TASK STATEMENT: From the material beneath, pull every line with the word "Require".

PROVIDED DATA:
(* Let $H$ and $G$ be as in the construction described in the context. If $H$ is linearly orderable, then so is $G$.
   Context: A group is linearly orderable if it admits a linear order $\le$ such that $g_1\le g_2$ implies $g_1x\le g_2x$ and $xg_1\le xg_2$ for all $x$. Construction: $H$ is a group generated by a countable set $\{a^{(1)},a^{(2)},\ldots\}$. For groups $A,B$, the wreath product $A\,\mathrm{Wr}\,B$ is the semidirect product $A^B\rtimes B$, where $A^B$ is the group of all functions $B\to A$ with pointwise multiplication and $B$ acts by $(bf)(x)=f(xb)$. Let $Z=\langle z\rangle$ be infinite cyclic and let $b^{(i)}\in H^Z$ be given by $b^{(i)}(z^k)=a^{(i)}$ if $k>0$ and $b^{(i)}(z^k)=1$ otherwise. Let $K=\langle z,b^{(i)}\ (i\in\mathbb{N})\rangle\le H\,\mathrm{Wr}\,Z$. Let $\langle s\rangle$ be infinite cyclic and let $c\in K^{\langle s\rangle}$ be given by $c(s)=z$, $c(s^{2^i})=b^{(i)}$ for $i>0$, and $c(s^k)=1$ otherwise. Let $G=\langle c,s\rangle\le K\,\mathrm{Wr}\,\langle s\rangle$. *)

From mathcomp Require Import all_boot all_order all_algebra.
Set Implicit Arguments. Unset Strict Implicit. Unset Printing Implicit Defensive.
Import GRing.Theory Num.Theory.
Local Open Scope ring_scope.

Definition is_group (T : Type) (mul : T -> T -> T) (one : T) (inv : T -> T) : Prop :=
  (forall x y z, mul x (mul y z) = mul (mul x y) z) /\
  (forall x, mul one x = x) /\ (forall x, mul x one = x) /\
  (forall x, mul (inv x) x = one) /\ (forall x, mul x (inv x) = one).

Definition gen (T : Type) (mul : T -> T -> T) (one : T) (inv : T -> T)
    (S : T -> Prop) (x : T) : Prop :=
  forall P : T -> Prop, P one -> (forall u v, P u -> P v -> P (mul u v)) ->
    (forall u, P u -> P (inv u)) -> (forall u, S u -> P u) -> P x.

Definition lin_orderable (T : Type) (mul : T -> T -> T) (P : T -> Prop) : Prop :=
  exists le : T -> T -> Prop,
    (forall x, P x -> le x x) /\
    (forall x y, P x -> P y -> le x y -> le y x -> x = y) /\
    (forall x y z, P x -> P y -> P z -> le x y -> le y z -> le x z) /\
    (forall x y, P x -> P y -> le x y \/ le y x) /\
    (forall g1 g2 x, P g1 -> P g2 -> P x -> le g1 g2 ->
       le (mul g1 x) (mul g2 x) /\ le (mul x g1) (mul x g2)).

(* Wreath product A Wr Z = A^Z ⋊ Z, Z infinite cyclic written additively as int.
   An element (f, b) stands for the product f·z^b; the action is (b f)(x) = f(x b),
   i.e. (b f)(x) = f (x + b). *)
Definition wr (A : Type) : Type := ((int -> A) * int)%type.

Definition wr_mul (A : Type) (mul : A -> A -> A) (u v : wr A) : wr A :=
  (fun x => mul (u.1 x) (v.1 (x + u.2)), u.2 + v.2).

Definition wr_one (A : Type) (one : A) : wr A := (fun _ => one, 0).

Definition wr_inv (A : Type) (inv : A -> A) (u : wr A) : wr A :=
  (fun x => inv (u.1 (x - u.2)), - u.2).

Section Construction.
Variables (H : Type) (mul : H -> H -> H) (one : H) (inv : H -> H) (a : nat -> H).

Definition zK : wr H := (fun _ => one, 1).
Definition bK (i : nat) : wr H := (fun k => if 0 < k then a i else one, 0).

Definition K_set : wr H -> Prop :=
  gen (wr_mul mul) (wr_one one) (wr_inv inv)
      (fun x => x = zK \/ exists i : nat, (0 < i)%N /\ x = bK i).

(* c : <s> -> K, c(s) = z, c(s^(2^i)) = b^(i) for i > 0, c(s^k) = 1 otherwise *)
Definition c_fun (k : int) : wr H :=
  match k with
  | Posz n =>
      if n == 1%N then zK
      else if (1 < n)%N && (n == 2 ^ trunc_log 2 n)%N then bK (trunc_log 2 n)
      else wr_one one
  | Negz _ => wr_one one
  end.

Definition cG : wr (wr H) := (c_fun, 0).
Definition sG : wr (wr H) := (fun _ => wr_one one, 1).

Definition G_set : wr (wr H) -> Prop :=
  gen (wr_mul (wr_mul mul)) (wr_one (wr_one one)) (wr_inv (wr_inv inv))
      (fun x => x = cG \/ x = sG).
End Construction.

(* A linearly ordered group A gives a linear order on the elements of A Wr Z whose
   function part has support bounded below: compare the Z-components first and then
   the function parts lexicographically, at the least point where they differ.  Such
   a point exists because the supports are bounded below, and the order is invariant
   under multiplication because right multiplication acts pointwise and left
   multiplication translates the coordinates.  K consists of such elements of H Wr Z,
   and G of such elements of K Wr <s>, so applying this twice orders G. *)
From mathcomp Require Import all_boot all_order all_algebra zify.
From Stdlib Require Import Classical FunctionalExtensionality.
Import GRing.Theory Num.Theory.
Local Open Scope ring_scope.
Set Implicit Arguments. Unset Strict Implicit.

Section Generated.
Variables (T : Type) (mul : T -> T -> T) (one : T) (inv : T -> T) (S : T -> Prop).

Lemma gen_one : gen mul one inv S one.
Proof. by move=> P P1. Qed.

Lemma gen_mul u v : gen mul one inv S u -> gen mul one inv S v -> gen mul one inv S (mul u v).
Proof. by move=> gu gv P P1 PM PI PS; apply: (PM); [exact: gu | exact: gv]. Qed.

Lemma gen_inv u : gen mul one inv S u -> gen mul one inv S (inv u).
Proof. by move=> gu P P1 PM PI PS; apply: (PI); exact: gu. Qed.

Lemma gen_sub u : S u -> gen mul one inv S u.
Proof. by move=> Su P P1 PM PI PS; apply: PS. Qed.

End Generated.

Lemma lin_orderable_sub (T : Type) (mul : T -> T -> T) (P Q : T -> Prop) :
  lin_orderable mul P -> (forall x, Q x -> P x) -> lin_orderable mul Q.
Proof.
case=> le [refl [anti [trans [total comp]]]] QP; exists le.
split; [|split; [|split; [|split]]].
- by move=> x /QP; apply: refl.
- by move=> x y /QP Px /QP Py; apply: anti.
- by move=> x y z /QP Px /QP Py /QP Pz; apply: trans.
- by move=> x y /QP Px /QP Py; apply: total.
- by move=> g1 g2 x /QP P1 /QP P2 /QP Px; apply: comp.
Qed.

Section GroupFacts.
Variables (A : Type) (mul : A -> A -> A) (one : A) (inv : A -> A).
Hypothesis grpA : is_group mul one inv.

Lemma group_mulIr x y z : mul x z = mul y z -> x = y.
Proof.
case: grpA => [mulA [_ [mul1 [_ mulV]]]] e.
by rewrite -(mul1 x) -(mul1 y) -(mulV z) !mulA e.
Qed.

Lemma group_mulIl x y z : mul z x = mul z y -> x = y.
Proof.
case: grpA => [mulA [one_mul [_ [Vmul _]]]] e.
by rewrite -(one_mul x) -(one_mul y) -(Vmul z) -!mulA e.
Qed.

Lemma group_inv1 : inv one = one.
Proof. by case: grpA => [_ [_ [mul1 [Vmul _]]]]; rewrite -{2}(Vmul one) mul1. Qed.

Lemma wr_is_group : is_group (wr_mul mul) (wr_one one) (wr_inv inv).
Proof.
case: grpA => [mulA [one_mul [mul1 [Vmul mulV]]]].
rewrite /wr_mul /wr_one /wr_inv.
split; [|split; [|split; [|split]]] => [[f b]|[f b]|[f b]|[f b]|[f b]] /=.
- move=> [g c] [h d] /=; rewrite addrA; congr pair.
  by apply: functional_extensionality => x; rewrite mulA addrA.
- by rewrite add0r; congr pair; apply: functional_extensionality => x; rewrite one_mul addr0.
- by rewrite addr0; congr pair; apply: functional_extensionality => x; rewrite mul1.
- by rewrite addNr; congr pair; apply: functional_extensionality => x; rewrite Vmul.
- by rewrite addrN; congr pair; apply: functional_extensionality => x; rewrite addrK mulV.
Qed.

End GroupFacts.

Lemma ex_least_int (Q : int -> Prop) (N : int) :
  (forall x, Q x -> N <= x) -> forall x, Q x -> exists m, Q m /\ forall y, y < m -> ~ Q y.
Proof.
move=> QN.
suff least_below n : forall x, x <= N + n%:Z -> Q x -> exists m, Q m /\ forall y, y < m -> ~ Q y.
  by move=> x Qx; apply: (least_below `|x - N|%N x) => //; have := QN x Qx; lia.
elim: n => [|n IHn] x le_x Qx.
  by exists x; split => // y lt_y Qy; have := QN y Qy; lia.
case: (classic (exists y, y < x /\ Q y)) => [[y [lt_y Qy]]|none_below].
  by apply: (IHn y) => //; lia.
by exists x; split => // y lt_y Qy; apply: none_below; exists y.
Qed.

Lemma ex_first_difference (A : Type) (f g : int -> A) (N : int) :
  (forall x, x < N -> f x = g x) -> f <> g ->
  exists m, f m <> g m /\ forall y, y < m -> f y = g y.
Proof.
move=> eq_below neq_fg.
have [x0 neq_x0] : exists x, f x <> g x.
  by apply: not_all_ex_not => eq_fg; apply/neq_fg/functional_extensionality.
have diff_ge x : f x <> g x -> N <= x.
  by move=> neq_x; case: (lerP N x) => // lt_x; case: neq_x; apply: eq_below.
have [m [neq_m least_m]] := ex_least_int diff_ge neq_x0.
by exists m; split => // y lt_y; apply: NNPP; apply: least_m.
Qed.

Definition lex (A : Type) (le : A -> A -> Prop) (f g : int -> A) : Prop :=
  f = g \/ exists m, (forall y, y < m -> f y = g y) /\ le (f m) (g m) /\ f m <> g m.

Section Lexicographic.
Variables (A : Type) (P : A -> Prop) (le : A -> A -> Prop).
Hypothesis le_anti : forall x y, P x -> P y -> le x y -> le y x -> x = y.
Hypothesis le_trans : forall x y z, P x -> P y -> P z -> le x y -> le y z -> le x z.
Hypothesis le_total : forall x y, P x -> P y -> le x y \/ le y x.

Variables f g h : int -> A.
Hypotheses (Pf : forall x, P (f x)) (Pg : forall x, P (g x)) (Ph : forall x, P (h x)).

Lemma lex_anti : lex le f g -> lex le g f -> f = g.
Proof.
case=> [//|[m1 [eq1 [le1 neq1]]]] [/esym //|[m2 [eq2 [le2 neq2]]]].
have [lt12|[lt21|eq12]] : m1 < m2 \/ m2 < m1 \/ m1 = m2 by lia.
- by case: neq1; rewrite eq2.
- by case: neq2; rewrite eq1.
- by subst m2; case: neq1; apply: le_anti.
Qed.

Lemma lex_trans : lex le f g -> lex le g h -> lex le f h.
Proof.
case=> [-> //|[m1 [eq1 [le1 neq1]]]] [<-|[m2 [eq2 [le2 neq2]]]]; first by right; exists m1.
right; have [lt12|[lt21|eq12]] : m1 < m2 \/ m2 < m1 \/ m1 = m2 by lia.
- exists m1; rewrite -(eq2 m1 lt12); split=> // y lt_y.
  by rewrite eq1 // eq2 //; lia.
- exists m2; rewrite (eq1 m2 lt21); split=> // y lt_y.
  by rewrite eq1 ?eq2 //; lia.
- subst m2; exists m1; split; first by move=> y lt_y; rewrite eq1 ?eq2.
  split; first exact: (le_trans (Pf m1) (Pg m1) (Ph m1)).
  by move=> eq_fh; case: neq1; apply: le_anti => //; rewrite eq_fh.
Qed.

Lemma lex_total N : (forall x, x < N -> f x = g x) -> lex le f g \/ lex le g f.
Proof.
move=> eq_below; case: (classic (f = g)) => [->|neq_fg]; first by left; left.
have [m [neq_m least_m]] := ex_first_difference eq_below neq_fg.
case: (le_total (Pf m) (Pg m)) => le_m; [left | right]; right; exists m.
- by split=> // y /least_m.
- by split=> [y /least_m ->|]; split=> // /esym.
Qed.

Lemma lex_map (phi : int -> A -> A) :
  (forall x u v, P u -> P v -> le u v -> le (phi x u) (phi x v)) ->
  (forall x u v, phi x u = phi x v -> u = v) ->
  lex le f g -> lex le (fun x => phi x (f x)) (fun x => phi x (g x)).
Proof.
move=> phi_mono phi_inj [->|[m [eq_below [le_m neq_m]]]]; first by left.
right; exists m; split; first by move=> y /eq_below ->.
by split; [apply: phi_mono | move/phi_inj].
Qed.

End Lexicographic.

Lemma lex_shift (A : Type) (le : A -> A -> Prop) (f g : int -> A) d :
  lex le f g -> lex le (fun x => f (x + d)) (fun x => g (x + d)).
Proof.
case=> [->|[m [eq_below [le_m neq_m]]]]; first by left.
right; exists (m - d); rewrite subrK; split=> // y lt_y.
by apply: eq_below; lia.
Qed.

Definition wr_lex (A : Type) (le : A -> A -> Prop) (u v : wr A) : Prop :=
  u.2 < v.2 \/ u.2 = v.2 /\ lex le u.1 v.1.

Definition wr_lbounded (A : Type) (one : A) (P : A -> Prop) (u : wr A) : Prop :=
  (forall x, P (u.1 x)) /\ exists N, forall x, x < N -> u.1 x = one.

Section WreathOrder.
Variables (A : Type) (mul : A -> A -> A) (one : A) (inv : A -> A) (P : A -> Prop).
Hypothesis grpA : is_group mul one inv.

Lemma wr_lex_orderable :
  lin_orderable mul P -> lin_orderable (wr_mul mul) (wr_lbounded one P).
Proof.
case=> le [_ [le_anti [le_trans [le_total le_mul]]]].
exists (wr_lex le); rewrite /wr_lex /wr_lbounded.
split; [|split; [|split; [|split]]].
- by move=> u _; right; split=> //; left.
- move=> [f b] [g c] /= [Pf _] [Pg _] [lt_bc|[eq_bc lex_fg]] [lt_cb|[eq_cb lex_gf]]; try lia.
  by rewrite eq_bc (lex_anti le_anti Pf Pg lex_fg lex_gf).
- move=> [f b] [g c] [h d] /= [Pf _] [Pg _] [Ph _].
  move=> [lt_bc|[-> lex_fg]] [lt_cd|[<- lex_gh]]; try (left; lia).
  by right; split=> //; apply: (lex_trans le_anti le_trans Pf Pg Ph).
- move=> [f b] [g c] /= [Pf [Nf f1]] [Pg [Ng g1]].
  have [lt_bc|[lt_cb|<-]] : b < c \/ c < b \/ b = c by lia.
  + by left; left.
  + by right; left.
  + have eq_below x : x < Num.min Nf Ng -> f x = g x.
      by move=> lt_x; rewrite f1 ?g1 //; lia.
    by case: (lex_total le_total Pf Pg eq_below) => ?; [left | right]; right.
- move=> [f b] [g c] [h d]; rewrite /wr_mul /= => [[Pf _] [Pg _] [Ph _]].
  move=> [lt_bc|[<- lex_fg]]; first by split; left; lia.
  split; right; split=> //.
  + apply: (lex_map Pf Pg (phi := fun x u => mul u (h (x + b)))) lex_fg.
    * by move=> x u v Pu Pv /(le_mul _ _ _ Pu Pv (Ph (x + b))) [].
    * by move=> x u v /= /(group_mulIr grpA).
  + apply: (lex_map (fun x => Pf (x + d)) (fun x => Pg (x + d))
      (phi := fun x u => mul (h x) u)) (lex_shift d lex_fg).
    * by move=> x u v Pu Pv /(le_mul _ _ _ Pu Pv (Ph x)) [].
    * by move=> x u v /= /(group_mulIl grpA).
Qed.

Lemma wr_lbounded_gen (S : wr A -> Prop) :
  P one -> (forall x y, P x -> P y -> P (mul x y)) -> (forall x, P x -> P (inv x)) ->
  (forall u, S u -> wr_lbounded one P u) ->
  forall u, gen (wr_mul mul) (wr_one one) (wr_inv inv) S u -> wr_lbounded one P u.
Proof.
have [_ [one_mul _]] := grpA.
move=> P1 PM PI S_bounded u gen_u; apply: gen_u S_bounded; rewrite /wr_lbounded.
- by split=> //; exists 0.
- move=> [f b] [g c] /= [Pf [Nf f1]] [Pg [Ng g1]].
  split=> [x|]; first exact: PM.
  by exists (Num.min Nf (Ng - b)) => x lt_x; rewrite f1 ?g1 ?one_mul //; lia.
- move=> [f b] /= [Pf [Nf f1]].
  split=> [x|]; first exact: PI.
  by exists (Nf + b) => x lt_x; rewrite f1 ?(group_inv1 grpA) //; lia.
Qed.

End WreathOrder.

Section Construction.
Variables (H : Type) (mul : H -> H -> H) (one : H) (inv : H -> H) (a : nat -> H).
Hypothesis grpH : is_group mul one inv.

Lemma K_set_wr_lbounded u : K_set mul one inv a u -> wr_lbounded one (fun _ => True) u.
Proof.
apply: wr_lbounded_gen => //.
move=> _ [->|[i [_ ->]]]; split=> //; exists 0 => x lt_x //=.
by case: ifP => //; lia.
Qed.

Lemma c_fun_in_K k : K_set mul one inv a (c_fun one a k).
Proof.
case: k => [n|n] /=; last exact: gen_one.
case: ifP => [_|_]; first by apply: gen_sub; left.
case: ifP => [/andP[n_gt1 _]|_]; last exact: gen_one.
by apply: gen_sub; right; exists (trunc_log 2 n); rewrite trunc_log_gt0.
Qed.

Lemma G_set_wr_lbounded u :
  G_set mul one inv a u -> wr_lbounded (wr_one one) (K_set mul one inv a) u.
Proof.
apply: wr_lbounded_gen.
- exact: wr_is_group.
- exact: gen_one.
- exact: gen_mul.
- exact: gen_inv.
move=> _ [->|->]; split.
- exact: c_fun_in_K.
- by exists 0 => -[n|n] //=; lia.
- by move=> k; apply: gen_one.
- by exists 0.
Qed.

End Construction.

Theorem corollary4 (H : Type) (mul : H -> H -> H) (one : H) (inv : H -> H)
  (hgrp : is_group mul one inv) (a : nat -> H)
  (hgen : forall h : H, gen mul one inv (fun x => exists i : nat, (0 < i)%N /\ x = a i) h)
  (hord : lin_orderable mul (fun _ => True)) :
  lin_orderable (wr_mul (wr_mul mul)) (G_set mul one inv a).
Proof.
(* [hgen] is deliberately unused: only the linear order on H matters. *)
have K_orderable : lin_orderable (wr_mul mul) (K_set mul one inv a).
  by apply: lin_orderable_sub (wr_lex_orderable hgrp hord) _ => u /(K_set_wr_lbounded hgrp).
apply: lin_orderable_sub (wr_lex_orderable (wr_is_group hgrp) K_orderable) _.
by move=> u /(G_set_wr_lbounded hgrp).
Qed.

OUTPUT OF THE TASK:
From mathcomp Require Import all_boot all_order all_algebra.
From mathcomp Require Import all_boot all_order all_algebra zify.
From Stdlib Require Import Classical FunctionalExtensionality.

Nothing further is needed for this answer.